Expected Results: should bring up eth0 ("OK"), or fail after an
appropriate timeout and continue booting.
I'm assuming you can shut the machine down 'normally' (it's not a
Enabling sysrq and getting the output of sysrq-t may help, I suppose.
Ctl-alt-del does a "normal" shutdown procedure, so (I think) the
answer you're looking for is "yes".
I'll try what you suggest next time I see the problem (after I look up
how to do what you say!).
A followup: this bug *may* have been caused by me dropping some incorrect
packets in my iptables setup. I've since decommissioned the system that showed
this behaviour the most and updated my iptables script. The problem has *not*
returned yet so either it was hardware specific or related to my iptables.
However, *even* if I'm dropping bootps/bootpc traffic incorrectly the machine
should at least boot past that point (after a timeout) rather than hanging.

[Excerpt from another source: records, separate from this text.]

Definition one_at_corner (n : nat) (L : 'M['I_n]_n) : bool :=
  [forall i, forall j, ((val i == 0) && (val j == 0)) ==> (val (L i j) == 0)].

(* A circulant or back-circulant square is determined by its first row f, a
   permutation of Z_n with f(0) = 0, and its adjacent cells carry exactly the
   cyclically consecutive pairs (f(k), f(k+1)).  Write n = 2m.  Inner distance
   m - 1 means f(k+1) - f(k) = m + e_k (mod n) with e_k in {-1, 0, 1}, so that
   f(k) = k m + W(k) (mod n) for the walk W of partial sums of e.  Injectivity
   of f forbids e_k + e_(k+1) = 0, and forbids three positions of one period
   whose values of W are congruent modulo m.  Followed from a maximum, which
   sits at a zero step, the walk is then forced to be a rotation of
   0, -1, ..., -1, 0, 1, ..., 1 (2m choices), unless e has no zero; then e is
   constant 1 or -1, which gives a permutation exactly when m is even.  Each of
   these step sequences yields exactly one square of each kind. *)

From Stdlib Require Import ZArith Lia.
From mathcomp Require Import all_boot all_order matrix zify.

(** * Walks *)

Fixpoint walk (e : nat -> Z) (k : nat) : Z :=
  if k is k'.+1 then (walk e k' + e k')%Z else 0%Z.

Lemma walkS e k : walk e k.+1 = (walk e k + e k)%Z.
Proof. by []. Qed.

Lemma eq_walk e e' k : (forall i, (i < k)%N -> e i = e' i) -> walk e k = walk e' k.
Proof.
elim: k => [//|k IH] ee'; rewrite !walkS ee' // IH // => i lt_ik.
by apply: ee'; apply: ltnW.
Qed.

Lemma walk_shift e c k : walk (fun i => e (i + c)%N) k = (walk e (k + c) - walk e c)%Z.
Proof.
elim: k => [|k IH]; first by rewrite add0n /=; lia.
by rewrite addSn !walkS IH; lia.
Qed.

Lemma walk_const z k : walk (fun=> z) k = (Z.of_nat k * z)%Z.
Proof. by elim: k => [|k IH] //; rewrite walkS IH; nia. Qed.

Closing bugs on older releases. Apologies for any lack of response.
Unfortunately, without really specific knowledge of what was getting dropped,
it's hard to determine why it was hanging. As such, I have to close this bug. If
the issue comes back, please reopen with the sysrq output, and any information
on the iptables config that is causing this.
Follow-up: this problem has not shown up on any FC3 boxes I manage. It was
either unique to FC1 or it was a problem with my iptables setup I have since fixed.